我使用以下表达式使用Scala将行转换为数据帧中的列:
val df = Seq(
("ID-1", "First Name", "Jolly"),
("ID-1", "Middle Name", "Jr"),
("ID-1", "Last Name", "Hudson"),
("ID-2", "First Name", "Kathy"),
("ID-2", "Last Name", "Oliver"),
("ID-3", "Last Name", "Short"),
("ID-3", "Middle Name", "M"),
("ID-4", "First Name", "Denver")
).toDF("ID", "Title", "Values")
df.filter($"Title" isin ("First Name", "Last Name", "Middle Name")).
groupBy("ID").pivot("Title").agg(first($"Values")).
select( $"ID", $"First Name", $"Last Name", $"Middle Name").
show(false)
// +----+----------+---------+-----------+
// |ID |First Name|Last Name|Middle Name|
// +----+----------+---------+-----------+
// |ID-1|Jolly |Hudson |Jr |
// |ID-3|null |Short |M |
// |ID-4|Denver |null |null |
// |ID-2|Kathy |Oliver |null |
// +----+----------+---------+-----------+
输出符合预期,但最终出现如下异常:
java.lang.IllegalArgumentException:字段“ null”不存在
在获得预期的输出和解决方案后,请帮助理解导致此异常的原因。
以下是错误日志:
2018-09-12 12:09:54 [Executor task launch worker-1] ERROR o.a.s.e.Executor - Exception in task 15.0 in stage 69.0 (TID 4453)
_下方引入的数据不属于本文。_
(* In the Cucker–Smale setting below, for all $n\in\mathbb{N}_0$, $$d_V(t_{2n+2})\le\frac{e^{\tilde K(t_{2n+2}-t_{2n+1})}}{2-e^{\tilde K(t_{2n+2}-t_{2n+1})}}\,d_V(t_{2n+1}).$$
   Context: Setting: $N\ge2$; $\tilde\psi:\mathbb{R}\to\mathbb{R}$ positive, bounded, continuous, with $\tilde K:=\|\tilde\psi\|_\infty$ and $\int_0^\infty\min_{r\in[0,x]}\tilde\psi(r)dx=+\infty$; $\{t_n\}_{n\in\mathbb{N}_0}$ increasing, nonnegative, $t_0=0$, $t_n\to\infty$, with $t_{2n+2}-t_{2n+1}<\frac{\ln2}{\tilde K}$ and $t_{2n+1}-t_{2n}>\frac1{\tilde K}$ for all $n$, and $\sum_{p\ge0}\ln\frac{e^{\tilde K(t_{2p+2}-t_{2p+1})}}{2-e^{\tilde K(t_{2p+2}-t_{2p+1})}}<\infty$. $\alpha(0)=1$, $\alpha=1$ on $(t_{2n},t_{2n+1})$, $\alpha=-1$ on $[t_{2n+1},t_{2n+2}]$. $\{(x_i,v_i)\}$ solves $x_i'=v_i$, $v_i'(t)=\frac1{N-1}\sum_{j\ne i}\alpha(t)\tilde\psi(|x_i(t)-x_j(t)|)(v_j(t)-v_i(t))$, $t>0$, with given initial data in $\mathbb{R}^d$ (continuous, $C^1$ on each $(t_n,t_{n+1})$). $d_V(t):=\max_{i,j}|v_i(t)-v_j(t)|$. *)

From Stdlib Require Import Reals Lra List.
From Coquelicot Require Import Coquelicot.
Import ListNotations.
Open Scope R_scope.

Definition sumR (l : list nat) (f : nat -> R) : R :=
  fold_right (fun j acc => f j + acc) 0 l.

Definition maxR (l : list nat) (f : nat -> R) : R :=
  fold_right (fun j acc => Rmax (f j) acc) 0 l.

(* A vector of R^d is represented by its coordinate function k |-> v k, k < d.
   Euclidean norm |v|. *)
Definition enorm (d : nat) (v : nat -> R) : R :=
  sqrt (sumR (seq 0 d) (fun k => v k ^ 2)).

(* |x_i(t) - x_j(t)| for a configuration x : particle -> coordinate -> time -> R *)
Definition edist (d : nat) (x : nat -> nat -> R -> R) (i j : nat) (t : R) : R :=
  enorm d (fun k => x i k t - x j k t).

Definition dV (N d : nat) (v : nat -> nat -> R -> R) (t : R) : R :=
  maxR (seq 0 N) (fun i => maxR (seq 0 N) (fun j => edist d v i j t)).

(* min_{r in [0,x]} psi r (the infimum, attained since psi is continuous) *)
Definition psi_min (psi : R -> R) (x : R) : R :=
  real (Glb_Rbar (fun y => exists r, 0 <= r <= x /\ y = psi r)).

Definition cont_on_nonneg (f : R -> R) : Prop :=
  forall t, 0 <= t -> forall eps, 0 < eps -> exists delta, 0 < delta /\
    forall s, 0 <= s -> Rabs (s - t) < delta -> Rabs (f s - f t) < eps.

Definition gfac (K tau : R) : R := exp (K * tau) / (2 - exp (K * tau)).

From Stdlib Require Import Reals Lra Lia List.
From Coquelicot Require Import Coquelicot.
Open Scope R_scope.

(* On [t_{2n+1}, t_{2n+2}] there is no switching time, so every squared
   distance |v_i - v_j|^2 is differentiable there.  Each coupling weight
   alpha psi has modulus at most K, so by |u.w| <= (|u|^2 + |w|^2)/2 that
   derivative is at most 4K times the squared velocity diameter.  A Gronwall
   argument for the maximum of finitely many functions then gives
   d_V(t_{2n+2}) <= e^{2K tau} d_V(t_{2n+1}) with tau = t_{2n+2} - t_{2n+1},
   and e^{2K tau} <= e^{K tau} / (2 - e^{K tau}) since y (2 - y) <= 1. *)

Lemma sumR_ext (l : list nat) (f g : nat -> R) :
  (forall x, In x l -> f x = g x) -> sumR l f = sumR l g.
Proof.
  induction l as [|a l IH]; intros H; simpl; [easy|].
  rewrite H, IH; [easy | intros; apply H; now right | now left].
Qed.

Lemma sumR_plus (l : list nat) (f g : nat -> R) :
  sumR l (fun x => f x + g x) = sumR l f + sumR l g.
Proof. induction l as [|a l IH]; simpl; [ring|]. rewrite IH; ring. Qed.

Lemma sumR_scal (l : list nat) (c : R) (f : nat -> R) :
  sumR l (fun x => c * f x) = c * sumR l f.
Proof. induction l as [|a l IH]; simpl; [ring|]. rewrite IH; ring. Qed.

Lemma sumR_const (l : list nat) (c : R) : sumR l (fun _ => c) = INR (length l) * c.
Proof. induction l as [|a l IH]; simpl; [ring|]. rewrite IH; destruct (length l); simpl; ring. Qed.

Lemma sumR_comm (l1 l2 : list nat) (g : nat -> nat -> R) :
  sumR l1 (fun k => sumR l2 (g k)) = sumR l2 (fun m => sumR l1 (fun k => g k m)).
Proof.
  induction l1 as [|a l1 IH]; simpl.
  - induction l2 as [|b l2 IH2]; simpl; [easy|]. rewrite <- IH2; ring.
  - rewrite IH, <- sumR_plus. reflexivity.
Qed.

Lemma sumR_nonneg (l : list nat) (f : nat -> R) :
  (forall x, In x l -> 0 <= f x) -> 0 <= sumR l f.
Proof.
  induction l as [|a l IH]; intros H; simpl; [lra|].
  apply Rplus_le_le_0_compat; [apply H; now left | apply IH; intros; apply H; now right].
Qed.

Lemma sumR_abs_le (l : list nat) (f g : nat -> R) :
  (forall x, In x l -> Rabs (f x) <= g x) -> Rabs (sumR l f) <= sumR l g.
Proof.
  induction l as [|a l IH]; intros H; simpl.
  - rewrite Rabs_R0; lra.
  - eapply Rle_trans; [apply Rabs_triang|].
    apply Rplus_le_compat; [apply H; now left | apply IH; intros; apply H; now right].
Qed.

Lemma abs_dot_le (l : list nat) (u w : nat -> R) :
  Rabs (sumR l (fun k => u k * w k))
  <= (sumR l (fun k => u k ^ 2) + sumR l (fun k => w k ^ 2)) / 2.
Proof.
  replace ((sumR l (fun k => u k ^ 2) + sumR l (fun k => w k ^ 2)) / 2)
    with (sumR l (fun k => / 2 * (u k ^ 2 + w k ^ 2)))
    by (rewrite sumR_scal, sumR_plus; field).
  apply sumR_abs_le; intros k _.
  pose proof (pow2_ge_0 (u k - w k)); pose proof (pow2_ge_0 (u k + w k)).
  apply Rabs_le; split; nra.
Qed.

Lemma maxR_ge (l : list nat) (f : nat -> R) (x : nat) : In x l -> f x <= maxR l f.
Proof.
  induction l as [|a l IH]; simpl; intros H; [contradiction|].
  destruct H as [<-|H]; [apply Rmax_l | eapply Rle_trans; [apply IH, H | apply Rmax_r]].
Qed.

Lemma maxR_ext (l : list nat) (f g : nat -> R) :
  (forall x, In x l -> f x = g x) -> maxR l f = maxR l g.
Proof.
  induction l as [|a l IH]; intros H; simpl; [easy|].
  rewrite H, IH; [easy | intros; apply H; now right | now left].
Qed.

Lemma maxR_nonneg (l : list nat) (f : nat -> R) : 0 <= maxR l f.
Proof. induction l as [|a l IH]; simpl; [lra|]. eapply Rle_trans; [apply IH | apply Rmax_r]. Qed.

Lemma maxR_lt (l : list nat) (f : nat -> R) (M : R) :
  0 < M -> (forall x, In x l -> f x < M) -> maxR l f < M.
Proof.
  induction l as [|a l IH]; intros HM H; simpl; [easy|].
  apply Rmax_lub_lt; [apply H; now left | apply IH; auto; intros; apply H; now right].
Qed.

Lemma maxR_sqrt (l : list nat) (f : nat -> R) :
  (forall x, In x l -> 0 <= f x) -> maxR l (fun x => sqrt (f x)) = sqrt (maxR l f).
Proof.
  induction l as [|a l IH]; intros H; simpl; [now rewrite sqrt_0|].
  rewrite IH by (intros; apply H; now right).
  assert (Ha : 0 <= f a) by (apply H; now left).
  pose proof (maxR_nonneg l f).
  unfold Rmax. destruct (Rle_dec (sqrt (f a)) (sqrt (maxR l f))) as [Hs|Hs],
    (Rle_dec (f a) (maxR l f)) as [Hf|Hf]; try reflexivity.
  - apply Rnot_le_lt in Hf. pose proof (sqrt_lt_1_alt _ _ (conj H0 Hf)). lra.
  - apply Rnot_le_lt in Hs. apply sqrt_le_1_alt in Hf. lra.
Qed.

Lemma continuous_Rmax (f g : R -> R) (t : R) :
  continuous f t -> continuous g t -> continuous (fun s => Rmax (f s) (g s)) t.
Proof.
  intros Hf Hg.
  apply continuous_ext with (fun s => (f s + g s + Rabs (f s - g s)) / 2).
  { intros s. unfold Rmax. destruct (Rle_dec (f s) (g s)).
    - rewrite Rabs_left1; lra.
    - rewrite Rabs_right; lra. }
  apply (continuous_mult (fun s => f s + g s + Rabs (f s - g s)) (fun _ => / 2));
    [|apply continuous_const].
  apply (continuous_plus (fun s => f s + g s)); [now apply (continuous_plus f g)|].
  apply continuous_Rabs_comp, (continuous_minus f g); auto.
Qed.

Lemma continuous_maxR (l : list nat) (g : nat -> R -> R) (t : R) :
  (forall x, In x l -> continuous (g x) t) -> continuous (fun s => maxR l (fun x => g x s)) t.
Proof.
  induction l as [|a l IH]; intros H; simpl; [apply continuous_const|].
  apply continuous_Rmax; [apply H; now left | apply IH; intros; apply H; now right].
Qed.

Lemma continuous_sumR (l : list nat) (g : nat -> R -> R) (t : R) :
  (forall x, In x l -> continuous (g x) t) -> continuous (fun s => sumR l (fun x => g x s)) t.
Proof.
  induction l as [|a l IH]; intros H; simpl; [apply continuous_const|].
  apply (continuous_plus (g a)); [apply H; now left | apply IH; intros; apply H; now right].
Qed.

Lemma is_derive_sumR (l : list nat) (g : nat -> R -> R) (dg : nat -> R) (t : R) :
  (forall x, In x l -> is_derive (g x) t (dg x)) ->
  is_derive (fun s => sumR l (fun x => g x s)) t (sumR l dg).
Proof.
  induction l as [|a l IH]; intros H; simpl; [apply (is_derive_const 0)|].
  apply (is_derive_plus (g a)); [apply H; now left | apply IH; intros; apply H; now right].
Qed.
java.lang.IllegalArgumentException: Field "null" does not exist.
at org.apache.spark.sql.types.StructType$$anonfun$fieldIndex$1.apply(StructType.scala:233)
at org.apache.spark.sql.types.StructType$$anonfun$fieldIndex$1.apply(StructType.scala:233)
at scala.collection.MapLike$class.getOrElse(MapLike.scala:128)
at scala.collection.AbstractMap.getOrElse(Map.scala:58)
at org.apache.spark.sql.types.StructType.fieldIndex(StructType.scala:232)
at org.apache.spark.sql.catalyst.expressions.GenericRowWithSchema.fieldIndex(rows.scala:213)
at gbam.refdata.dataquality.utils.DataQualityRule$class.getColumn(DataQualityRule.scala:147)
at gbam.refdata.dataquality_rules2.VendorpartyAddress.getColumn(VendorpartyAddress.scala:27)
at gbam.refdata.dataquality.utils.DataQualityRule$$anonfun$getMissing$1$1.apply(DataQualityRule.scala:153)
at gbam.refdata.dataquality.utils.DataQualityRule$$anonfun$getMissing$1$1.apply(DataQualityRule.scala:153)
at scala.collection.TraversableLike$$anonfun$map$1.apply(TraversableLike.scala:244)
at scala.collection.TraversableLike$$anonfun$map$1.apply(TraversableLike.scala:244)
at scala.collection.immutable.List.foreach(List.scala:318)
at scala.collection.TraversableLike$class.map(TraversableLike.scala:244)
at scala.collection.AbstractTraversable.map(Traversable.scala:105)
at gbam.refdata.dataquality.utils.DataQualityRule$class.getMissing$1(DataQualityRule.scala:152)
at gbam.refdata.dataquality.utils.DataQualityRule$class.getBreaks(DataQualityRule.scala:156)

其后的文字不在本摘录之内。